Provides additional tools for working with PROV's Solr API
Apache License 2.0
1 stars 0 forks source link

date range #15

Closed asaletourneau closed 2 years ago

asaletourneau commented 2 years ago

Whilst an api query for dawn fraser for the date range 30/11/1956 - 01121956 doesn't return a result i.e. Query URL: http://prov.conaltuohy.com/search/query?wt=xml&q=(text%3A(dawn%20fraser))%20AND%20(start_dt%3A(1956-11-30))%20AND%20(end_dt%3A(1956-12-01))

the api query for dawn fraser for the date range 30/11/1956 - 30/11/1956 does i.e http://prov.conaltuohy.com/search/query?wt=xml&q=(text%3A(dawn%20fraser))%20AND%20(start_dt%3A(1956-11-30))%20AND%20(end_dt%3A(1956-11-30))

The actual record (photo) on the prov website is dated 30/11/1956 i.e. https://prov.vic.gov.au/archive/0FF228DD-F7F4-11E9-AE98-BD191AD9064B?image=1

NOTE! The prov website coll;ection searcvh for using a facet date range of 1956-1957 does return a result i.e. https://prov.vic.gov.au/search_journey/select?keywords=dawn%20fraser&start_date=1956&end_date=1957&rows=10&iud=true&modifier=ALL_WORDS

Conal-Tuohy commented 2 years ago

Allow the HTML element to specify the comparison operator to be used, e.g.

<input type="date" name="start_dt" class="metadata ge">
<input type="date" name="end_dt" class="metadata le">

I would use the names of comparison operators defined in the XPath specification, because in that spec they have versions which are purely alphanumeric and don't use mathematical symbols, which makes them usable as the value of HTML class attributes. In XPath the operators are:

operator name meaning
gt greater than
lt less than
ge greater than or equal to
le less than or equal to
asaletourneau commented 2 years ago

Impressive!

asaletourneau commented 2 years ago

After more testing on the dsates facet I can confirm the following results website search results dawn fraser show 13 records for 1956-1965 https://prov.vic.gov.au/search_journey/selectkeywords=dawn%20fraser&start_date=1956&end_date=1965&rows=10&iud=true&modifier=ALL_WORDS&facet=Photographic%20Negatives%20[1956%20Melbourne%20Olympics%20Photograph%20Collection]&key=series&field=Series_title_facet

API query form query dawn fraser 0 record for 1956-1965 http://prov.conaltuohy.com/search/query?wt=xml&q=(text%3A%22dawn%20fraser%22)%20AND%20(start_dt%3A%5B*%20TO%201956%5C-01%5C-01%5D)%20AND%20(end_dt%3A%5B1965%5C-01%5C-01%20TO%20*%5D)

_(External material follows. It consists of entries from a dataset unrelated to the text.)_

Definition is_coclique (T : finType) (e : rel T) (Y : {set T}) : bool :=
  [forall x in Y, forall y in Y, (x != y) ==> ~~ e x y].

(* number of cliques / cocliques (empty set and singletons included) *)
Definition num_cliques (T : finType) (e : rel T) : nat :=
  #|[set X : {set T} | is_clique e X]|.
Definition num_cocliques (T : finType) (e : rel T) : nat :=
  #|[set Y : {set T} | is_coclique e Y]|.

Definition cbound (n : nat) : R :=
  Rmult (R_sqrt.sqrt (Rplus (INR n) 1)) (Rpower 2 (Rdiv (INR n) 2)).

(* (i) Call a pair (X, Y) with X a clique, Y a coclique and X :|: Y = U a
   cover of U.  Removing a vertex v of U from both parts maps covers of U to
   covers of U :\ v; this map is injective once we know which parts contained
   v, and a cover of U :\ v comes from two different covers of U only if v can
   be added to both of its parts, which forces the cover (the neighbours of v
   go to the clique, its non-neighbours to the coclique).  Hence U has at most
   2 #|U| + 1 covers, and summing over all U gives
      #cliques * #cocliques <= sum_U (2 #|U| + 1) = (n + 1) 2^n,
   so the smaller of the two numbers is at most sqrt((n + 1) 2^n).
   (ii) In the split graph where a set K of k vertices is a clique adjacent to
   every vertex and the remaining n - k vertices are independent, there are at
   least 2^k (n - k + 1) cliques and 2^(n - k) cocliques.  Writing n = 2k + t
   with 2^t <= n + 1 < 2^(t + 2) makes both counts at least sqrt((n + 1) 2^n)/2.
   The file proves the cover count and the product bound, then the split-graph
   counts, the choice of k and t, and finally the estimates on cbound. *)

From Stdlib Require Import Reals Lra.
From mathcomp Require Import all_boot.
From mathcomp Require Import zify.

Set Implicit Arguments.
Unset Strict Implicit.
Unset Printing Implicit Defensive.

Section CliquesAndCocliques.
Variables (T : finType) (e : rel T).

Lemma cliqueP (X : {set T}) :
  reflect {in X &, forall x y, x != y -> e x y} (is_clique e X).
Proof.
apply: (iffP forall_inP) => [H x y xX yX|H x xX]; last first.
  by apply/forall_inP => y yX; apply/implyP; apply: H.
by move/forall_inP/(_ y yX)/implyP: (H x xX).
Qed.

Lemma cocliqueP (Y : {set T}) :
  reflect {in Y &, forall x y, x != y -> ~~ e x y} (is_coclique e Y).
Proof.
apply: (iffP forall_inP) => [H x y xY yY|H x xY]; last first.
  by apply/forall_inP => y yY; apply/implyP; apply: H.
by move/forall_inP/(_ y yY)/implyP: (H x xY).
Qed.

Lemma clique_subset (X X' : {set T}) :
  X' \subset X -> is_clique e X -> is_clique e X'.
Proof.
move=> /subsetP sX /cliqueP cX; apply/cliqueP => x y xX yX.
exact: cX (sX x xX) (sX y yX).
Qed.

Lemma coclique_subset (Y Y' : {set T}) :
  Y' \subset Y -> is_coclique e Y -> is_coclique e Y'.
Proof.
move=> /subsetP sY /cocliqueP cY; apply/cocliqueP => x y xY yY.
exact: cY (sY x xY) (sY y yY).
Qed.

Definition covers (U : {set T}) : {set {set T} * {set T}} :=
  [set p | [&& is_clique e p.1, is_coclique e p.2 & p.1 :|: p.2 == U]].

Lemma coversP U p :
  reflect [/\ is_clique e p.1, is_coclique e p.2 & p.1 :|: p.2 = U]
          (p \in covers U).
Proof. by rewrite inE; apply: (iffP and3P) => -[? ? /eqP]. Qed.

Lemma covers_set0 : #|covers set0| <= 1.
Proof.
rewrite -(cards1 (@set0 T, @set0 T)); apply/subset_leq_card/subsetP.
move=> [X Y] /coversP[_ _ /= /eqP].
by rewrite setU_eq0 => /andP[/eqP-> /eqP->]; rewrite inE.
Qed.

Section RemoveVertex.
Variable v : T.

Definition nbhd : {set T} := [set u | e v u].

Definition split_at (W : {set T}) : {set T} * {set T} := (W :&: nbhd, W :\: nbhd).

Lemma forced_split (X Y : {set T}) :
  v \notin X -> v \notin Y -> is_clique e (v |: X) -> is_coclique e (v |: Y) ->
  (X, Y) = split_at (X :|: Y).
Proof.
move=> vX vY /cliqueP cX /cocliqueP cY.
have adj x : x \in X -> e v x.
  move=> xX; apply: cX; rewrite ?setU11 ?setU1r //.
  by apply: contraNneq vX => ->.
have nadj x : x \in Y -> ~~ e v x.
  move=> xY; apply: cY; rewrite ?setU11 ?setU1r //.
  by apply: contraNneq vY => ->.
congr pair; apply/setP => x; rewrite !inE.
all: by case: (boolP (x \in X)) => [/adj|_]; case: (boolP (x \in Y)) => [/nadj|_];
   case: (e v x).
Qed.

Definition drop_vertex (p : {set T} * {set T}) : {set T} * {set T} :=
  (p.1 :\ v, p.2 :\ v).

Lemma drop_vertex_covers (U : {set T}) p :
  p \in covers U -> drop_vertex p \in covers (U :\ v).
Proof.
case/coversP=> cX cY HU; apply/coversP; split => /=.
- exact: clique_subset (subsetDl _ _) cX.
- exact: coclique_subset (subsetDl _ _) cY.
- by rewrite -setDUl HU.
Qed.

Lemma setD1_inj (A A' : {set T}) :
  A :\ v = A' :\ v -> (v \in A) = (v \in A') -> A = A'.
Proof.
move=> E vA; apply/setP => x; case: (eqVneq x v) => [->//|xv].
by move/setP/(_ x): E; rewrite !inE xv.
Qed.

Definition covers_with (U : {set T}) (b1 b2 : bool) : {set {set T} * {set T}} :=
  covers U :&: [set p : {set T} * {set T} | ((v \in p.1) == b1) && ((v \in p.2) == b2)].

Lemma drop_vertex_inj (U : {set T}) b1 b2 :
  {in covers_with U b1 b2 &, injective drop_vertex}.
Proof.
move=> [X Y] [X' Y']; rewrite !in_setI !in_set /=.
move=> /andP[_ /andP[/eqP vX /eqP vY]] /andP[_ /andP[/eqP vX' /eqP vY']] [EX EY].
by congr pair; apply: setD1_inj; rewrite ?vX ?vY ?vX' ?vY'.
Qed.

Definition extendable (W : {set T}) : {set {set T} * {set T}} :=
  [set q in covers W | is_clique e (v |: q.1) && is_coclique e (v |: q.2)].

Lemma extendable_le1 (W : {set T}) : v \notin W -> #|extendable W| <= 1.
Proof.
move=> vW; rewrite -(cards1 (split_at W)); apply/subset_leq_card/subsetP.
move=> [X Y]; rewrite in_set => /andP[/coversP[_ _ /= HU] /andP[cX cY]].
have [vX vY] : v \notin X /\ v \notin Y.
  by split; apply: contra vW; rewrite -HU inE => ->; rewrite ?orbT.
by rewrite (forced_split vX vY cX cY) HU set11.
Qed.

Lemma drop_vertex_extendable (U : {set T}) p (b1 b2 : bool) :
  p \in covers_with U b1 b2 ->
  [/\ drop_vertex p \in covers (U :\ v),
      b1 -> is_clique e (v |: (drop_vertex p).1) &
      b2 -> is_coclique e (v |: (drop_vertex p).2)].
Proof.
rewrite in_setI => /andP[pU]; rewrite in_set => /andP[/eqP vX /eqP vY].
split; first exact: drop_vertex_covers.
- by move=> b1T; rewrite setD1K ?vX //; case/coversP: pU.
- by move=> b2T; rewrite setD1K ?vY //; case/coversP: pU.
Qed.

I know there are many dummy dates for records but for these dawn fraser records we actually do have dates and it'd be nice to capture them. What is of a concern is that following Dasniel Wilkjsch's syntax for an api date range query https://api.prov.vic.gov.au/search/select?q=category:Item%20AND%20series_id:10742AND%20date_range:[1956%20TO%201965] we return 0 results!

My final finding is https://api.prov.vic.gov.au/search/select?q=category:Item%20AND%20text:(%20fraser)AND%20date_range:[1917%20TO%201917] does return 396 results using Daniel's cheat sheet syntax but that the API query form for the same date and keyword returns 12 records http://prov.conaltuohy.com/search/query?csv.mv.separator=%7C&wt=xml&q=(text%3A%22fraser%22)%20AND%20(start_dt%3A%5B*%20TO%201917%5C-01%5C-01%5D)%20AND%20(end_dt%3A%5B1917%5C-12%5C-31%20TO%20*%5D)%20AND%20(iiif-manifest%3A(*))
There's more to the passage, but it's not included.